* _YOUR INSTRUCTIONS_: Output only the lines below that start at the line containing "(Rle_or_lt 0 x)." and end at the line containing "by (unfold M; eapply Rle_trans; [apply Rmax_r | apply Rmax_l]).", with both ends kept.

* _SUPPLIED INFORMATION_:
Theorem lemmaA6 :
  exists C : R, forall (d : nat) (x : R),
    (1 <= d)%nat -> Rabs x <= sqrt (INR d) ->
    Rabs (r d x) <=
      C * Rmax (Rmax (Rabs x ^ 3 / sqrt (INR d)) (Rabs x / sqrt (INR d)))
               (Rmax (x ^ 2 / INR d) (1 / INR d)).
Proof.
  exists 4. intros d x Hd Hx.
  assert (Hr : Rabs (r d x) = Rabs (r d (Rabs x))).
  { destruct (Rle_or_lt 0 x).
    - rewrite (Rabs_pos_eq x) by lra. reflexivity.
    - rewrite (Rabs_left x), Rabs_r_opp by lra. reflexivity. }
  rewrite Hr.
  pose proof (Rabs_r_le d (Rabs x) Hd (Rabs_pos x) Hx) as Hbound.
  set (M := Rmax _ _).
  assert (M1 : Rabs x ^ 3 / sqrt (INR d) <= M) by (unfold M; eauto using Rle_trans, Rmax_l).
  assert (M2 : Rabs x / sqrt (INR d) <= M)
    by (unfold M; eapply Rle_trans; [apply Rmax_r | apply Rmax_l]).
  assert (M3 : 1 / INR d <= M) by (unfold M; eapply Rle_trans; [apply Rmax_r | apply Rmax_r]).
  assert (HD : 1 <= INR d) by exact (le_INR 1 d Hd).
  assert (0 < 1 / INR d) by (apply Rdiv_lt_0_compat; lra).
  assert (0 < sqrt (INR d)) by (apply sqrt_lt_R0; lra).
  replace ((Rabs x ^ 3 / 6 + Rabs x) / sqrt (INR d) + 2 / INR d)
    with (/ 6 * (Rabs x ^ 3 / sqrt (INR d)) + Rabs x / sqrt (INR d) + 2 * (1 / INR d))
    in Hbound by (field; lra).
  lra.
Qed.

* _FINISHED TASK_:
  { destruct (Rle_or_lt 0 x).
    - rewrite (Rabs_pos_eq x) by lra. reflexivity.
    - rewrite (Rabs_left x), Rabs_r_opp by lra. reflexivity. }
  rewrite Hr.
  pose proof (Rabs_r_le d (Rabs x) Hd (Rabs_pos x) Hx) as Hbound.
  set (M := Rmax _ _).
  assert (M1 : Rabs x ^ 3 / sqrt (INR d) <= M) by (unfold M; eauto using Rle_trans, Rmax_l).
  assert (M2 : Rabs x / sqrt (INR d) <= M)
    by (unfold M; eapply Rle_trans; [apply Rmax_r | apply Rmax_l]).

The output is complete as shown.